(Stored data entries)
§ §

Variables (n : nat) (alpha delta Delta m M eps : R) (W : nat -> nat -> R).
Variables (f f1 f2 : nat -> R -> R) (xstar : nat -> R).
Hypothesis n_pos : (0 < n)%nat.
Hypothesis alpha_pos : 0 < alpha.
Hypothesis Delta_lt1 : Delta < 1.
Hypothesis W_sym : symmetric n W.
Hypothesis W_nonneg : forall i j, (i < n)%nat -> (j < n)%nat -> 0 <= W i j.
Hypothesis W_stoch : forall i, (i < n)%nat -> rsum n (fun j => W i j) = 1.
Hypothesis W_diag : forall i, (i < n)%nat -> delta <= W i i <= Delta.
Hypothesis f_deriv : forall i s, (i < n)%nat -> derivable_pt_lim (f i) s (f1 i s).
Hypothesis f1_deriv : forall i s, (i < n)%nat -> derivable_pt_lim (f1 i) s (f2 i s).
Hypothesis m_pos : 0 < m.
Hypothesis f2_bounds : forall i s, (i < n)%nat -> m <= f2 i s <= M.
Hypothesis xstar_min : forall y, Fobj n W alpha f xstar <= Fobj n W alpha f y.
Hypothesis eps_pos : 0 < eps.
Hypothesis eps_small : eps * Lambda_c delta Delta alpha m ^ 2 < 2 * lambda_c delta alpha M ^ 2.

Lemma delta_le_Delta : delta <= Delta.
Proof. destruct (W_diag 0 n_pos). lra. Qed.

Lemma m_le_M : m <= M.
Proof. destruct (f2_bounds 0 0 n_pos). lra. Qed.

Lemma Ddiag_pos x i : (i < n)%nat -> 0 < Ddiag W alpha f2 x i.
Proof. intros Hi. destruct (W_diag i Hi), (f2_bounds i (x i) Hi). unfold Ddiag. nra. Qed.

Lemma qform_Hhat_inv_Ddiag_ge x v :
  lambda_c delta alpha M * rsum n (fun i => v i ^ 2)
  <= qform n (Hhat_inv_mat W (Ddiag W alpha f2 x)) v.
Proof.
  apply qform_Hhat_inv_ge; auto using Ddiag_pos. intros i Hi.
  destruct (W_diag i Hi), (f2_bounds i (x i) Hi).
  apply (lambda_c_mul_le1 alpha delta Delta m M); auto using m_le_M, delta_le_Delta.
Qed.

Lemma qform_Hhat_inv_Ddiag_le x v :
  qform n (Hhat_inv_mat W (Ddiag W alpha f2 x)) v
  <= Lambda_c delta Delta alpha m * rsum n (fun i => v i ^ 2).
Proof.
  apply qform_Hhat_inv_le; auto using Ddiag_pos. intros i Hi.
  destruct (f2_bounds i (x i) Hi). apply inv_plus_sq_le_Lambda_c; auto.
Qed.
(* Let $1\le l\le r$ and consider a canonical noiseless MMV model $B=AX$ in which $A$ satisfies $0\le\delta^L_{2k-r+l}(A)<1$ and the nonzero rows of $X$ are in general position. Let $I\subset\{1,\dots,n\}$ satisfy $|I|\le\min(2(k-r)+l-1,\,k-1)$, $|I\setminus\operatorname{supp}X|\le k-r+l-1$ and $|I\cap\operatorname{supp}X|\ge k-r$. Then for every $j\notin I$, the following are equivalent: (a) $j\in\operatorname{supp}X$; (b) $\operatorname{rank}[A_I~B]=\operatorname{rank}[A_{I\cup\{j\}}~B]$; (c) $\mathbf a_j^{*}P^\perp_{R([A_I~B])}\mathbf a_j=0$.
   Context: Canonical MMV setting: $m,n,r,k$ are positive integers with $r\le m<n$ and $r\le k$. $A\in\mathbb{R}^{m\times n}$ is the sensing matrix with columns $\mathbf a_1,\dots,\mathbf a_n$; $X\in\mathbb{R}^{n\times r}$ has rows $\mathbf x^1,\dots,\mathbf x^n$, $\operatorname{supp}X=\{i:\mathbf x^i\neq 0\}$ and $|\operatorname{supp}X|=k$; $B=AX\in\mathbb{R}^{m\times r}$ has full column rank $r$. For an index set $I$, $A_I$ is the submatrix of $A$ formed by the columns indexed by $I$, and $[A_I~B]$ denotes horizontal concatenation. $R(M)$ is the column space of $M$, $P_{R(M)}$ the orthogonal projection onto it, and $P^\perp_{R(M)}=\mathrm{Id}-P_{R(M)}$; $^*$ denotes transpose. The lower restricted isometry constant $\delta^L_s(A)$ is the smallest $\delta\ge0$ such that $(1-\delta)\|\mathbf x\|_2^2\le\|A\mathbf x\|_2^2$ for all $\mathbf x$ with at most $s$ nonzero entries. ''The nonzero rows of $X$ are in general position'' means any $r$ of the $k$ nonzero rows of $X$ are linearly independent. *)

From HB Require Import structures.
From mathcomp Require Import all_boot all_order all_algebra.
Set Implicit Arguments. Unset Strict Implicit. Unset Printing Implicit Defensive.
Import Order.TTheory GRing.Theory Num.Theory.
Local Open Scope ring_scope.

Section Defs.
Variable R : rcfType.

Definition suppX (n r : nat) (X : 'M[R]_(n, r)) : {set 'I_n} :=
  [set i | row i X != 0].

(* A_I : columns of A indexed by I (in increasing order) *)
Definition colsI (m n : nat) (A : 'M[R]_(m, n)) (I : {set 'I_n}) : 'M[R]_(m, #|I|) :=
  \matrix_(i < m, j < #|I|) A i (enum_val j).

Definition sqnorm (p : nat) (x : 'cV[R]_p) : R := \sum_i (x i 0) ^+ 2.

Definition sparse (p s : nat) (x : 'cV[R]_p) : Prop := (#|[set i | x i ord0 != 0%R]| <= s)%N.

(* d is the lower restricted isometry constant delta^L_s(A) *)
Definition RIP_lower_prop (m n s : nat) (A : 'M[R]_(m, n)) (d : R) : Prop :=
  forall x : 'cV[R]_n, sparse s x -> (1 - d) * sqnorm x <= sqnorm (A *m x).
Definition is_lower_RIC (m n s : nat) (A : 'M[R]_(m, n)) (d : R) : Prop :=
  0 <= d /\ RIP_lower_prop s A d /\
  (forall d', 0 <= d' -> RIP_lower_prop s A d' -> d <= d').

§ §

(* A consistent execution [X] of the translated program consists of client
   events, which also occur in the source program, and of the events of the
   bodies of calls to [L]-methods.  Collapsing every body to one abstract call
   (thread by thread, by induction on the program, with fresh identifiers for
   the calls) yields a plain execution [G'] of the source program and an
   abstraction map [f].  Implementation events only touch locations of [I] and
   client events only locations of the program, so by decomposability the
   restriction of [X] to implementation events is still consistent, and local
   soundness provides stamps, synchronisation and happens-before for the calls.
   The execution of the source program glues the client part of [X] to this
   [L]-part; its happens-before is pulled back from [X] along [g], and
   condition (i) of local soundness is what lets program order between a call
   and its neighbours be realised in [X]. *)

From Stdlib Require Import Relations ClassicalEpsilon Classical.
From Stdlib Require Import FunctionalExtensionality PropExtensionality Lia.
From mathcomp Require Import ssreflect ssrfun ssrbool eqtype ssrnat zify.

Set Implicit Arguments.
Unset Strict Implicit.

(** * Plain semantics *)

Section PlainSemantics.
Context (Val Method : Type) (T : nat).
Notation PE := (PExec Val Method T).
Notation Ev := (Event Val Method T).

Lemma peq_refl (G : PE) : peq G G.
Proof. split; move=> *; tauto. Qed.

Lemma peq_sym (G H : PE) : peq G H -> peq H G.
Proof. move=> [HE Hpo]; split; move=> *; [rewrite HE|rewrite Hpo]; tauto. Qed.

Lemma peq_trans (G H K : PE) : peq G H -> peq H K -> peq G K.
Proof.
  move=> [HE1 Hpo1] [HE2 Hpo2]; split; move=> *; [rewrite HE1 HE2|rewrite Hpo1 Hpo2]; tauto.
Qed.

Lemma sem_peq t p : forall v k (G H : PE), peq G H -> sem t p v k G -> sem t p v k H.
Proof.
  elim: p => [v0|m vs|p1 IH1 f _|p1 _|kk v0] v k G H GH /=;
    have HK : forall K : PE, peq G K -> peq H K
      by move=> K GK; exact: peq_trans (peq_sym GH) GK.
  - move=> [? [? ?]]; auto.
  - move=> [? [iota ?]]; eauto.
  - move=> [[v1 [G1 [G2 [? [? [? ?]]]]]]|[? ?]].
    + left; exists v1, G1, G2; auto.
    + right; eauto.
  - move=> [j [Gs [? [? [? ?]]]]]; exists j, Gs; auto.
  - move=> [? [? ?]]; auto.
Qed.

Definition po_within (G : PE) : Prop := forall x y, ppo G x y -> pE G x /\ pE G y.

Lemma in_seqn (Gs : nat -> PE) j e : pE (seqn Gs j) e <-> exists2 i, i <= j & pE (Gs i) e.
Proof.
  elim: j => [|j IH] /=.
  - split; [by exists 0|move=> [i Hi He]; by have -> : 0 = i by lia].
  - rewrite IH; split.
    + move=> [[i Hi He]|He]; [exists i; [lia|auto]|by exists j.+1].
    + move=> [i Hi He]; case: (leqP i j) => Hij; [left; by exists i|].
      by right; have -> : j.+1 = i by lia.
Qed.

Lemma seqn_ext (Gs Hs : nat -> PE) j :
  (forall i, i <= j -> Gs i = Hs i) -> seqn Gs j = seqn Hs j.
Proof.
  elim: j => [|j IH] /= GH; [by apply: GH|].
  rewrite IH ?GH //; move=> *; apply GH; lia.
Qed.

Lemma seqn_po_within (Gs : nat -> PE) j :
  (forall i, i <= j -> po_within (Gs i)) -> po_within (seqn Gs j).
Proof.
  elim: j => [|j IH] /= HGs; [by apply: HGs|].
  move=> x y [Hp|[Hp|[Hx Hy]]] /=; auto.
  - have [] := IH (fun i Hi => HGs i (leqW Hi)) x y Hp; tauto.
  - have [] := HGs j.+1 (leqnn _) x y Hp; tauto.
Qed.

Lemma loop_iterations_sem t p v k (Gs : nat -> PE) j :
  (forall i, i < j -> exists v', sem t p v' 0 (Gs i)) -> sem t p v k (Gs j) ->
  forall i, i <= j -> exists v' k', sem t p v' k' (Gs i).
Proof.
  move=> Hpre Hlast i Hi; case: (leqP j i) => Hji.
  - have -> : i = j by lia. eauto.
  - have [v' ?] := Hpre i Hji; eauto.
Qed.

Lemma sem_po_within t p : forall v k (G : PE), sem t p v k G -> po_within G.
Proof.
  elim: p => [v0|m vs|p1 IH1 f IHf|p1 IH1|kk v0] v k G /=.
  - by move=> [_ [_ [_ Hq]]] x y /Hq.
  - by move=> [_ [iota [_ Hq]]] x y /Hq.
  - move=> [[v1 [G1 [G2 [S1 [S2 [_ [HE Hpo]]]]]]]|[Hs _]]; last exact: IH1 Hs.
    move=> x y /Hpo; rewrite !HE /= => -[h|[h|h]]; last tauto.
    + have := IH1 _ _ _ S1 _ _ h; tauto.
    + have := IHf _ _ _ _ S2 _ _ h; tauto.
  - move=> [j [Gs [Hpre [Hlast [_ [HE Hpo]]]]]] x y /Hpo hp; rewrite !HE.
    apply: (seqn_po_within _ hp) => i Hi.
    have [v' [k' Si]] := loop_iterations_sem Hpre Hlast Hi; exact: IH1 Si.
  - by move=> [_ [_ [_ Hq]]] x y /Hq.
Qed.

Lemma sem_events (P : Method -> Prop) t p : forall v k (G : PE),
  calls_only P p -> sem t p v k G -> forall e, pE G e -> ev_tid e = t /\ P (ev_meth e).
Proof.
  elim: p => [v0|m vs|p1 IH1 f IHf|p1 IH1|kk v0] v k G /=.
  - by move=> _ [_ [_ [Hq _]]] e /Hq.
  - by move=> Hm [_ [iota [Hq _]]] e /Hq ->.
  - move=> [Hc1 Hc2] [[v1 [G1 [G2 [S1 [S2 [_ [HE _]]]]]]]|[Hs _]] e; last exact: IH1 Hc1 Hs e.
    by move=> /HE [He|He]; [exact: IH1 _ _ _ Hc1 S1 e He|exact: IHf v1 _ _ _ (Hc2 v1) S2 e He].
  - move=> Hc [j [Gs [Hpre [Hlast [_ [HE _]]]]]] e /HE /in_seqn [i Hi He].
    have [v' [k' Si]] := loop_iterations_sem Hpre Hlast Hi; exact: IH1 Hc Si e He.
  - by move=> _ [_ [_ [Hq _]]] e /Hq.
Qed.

§ §

WORK ORDER >>
Lines in the records above that carry the word "xstar" are to be located and copied.

WORKED SOLUTION >>
Variables (f f1 f2 : nat -> R -> R) (xstar : nat -> R).
Hypothesis xstar_min : forall y, Fobj n W alpha f xstar <= Fobj n W alpha f y.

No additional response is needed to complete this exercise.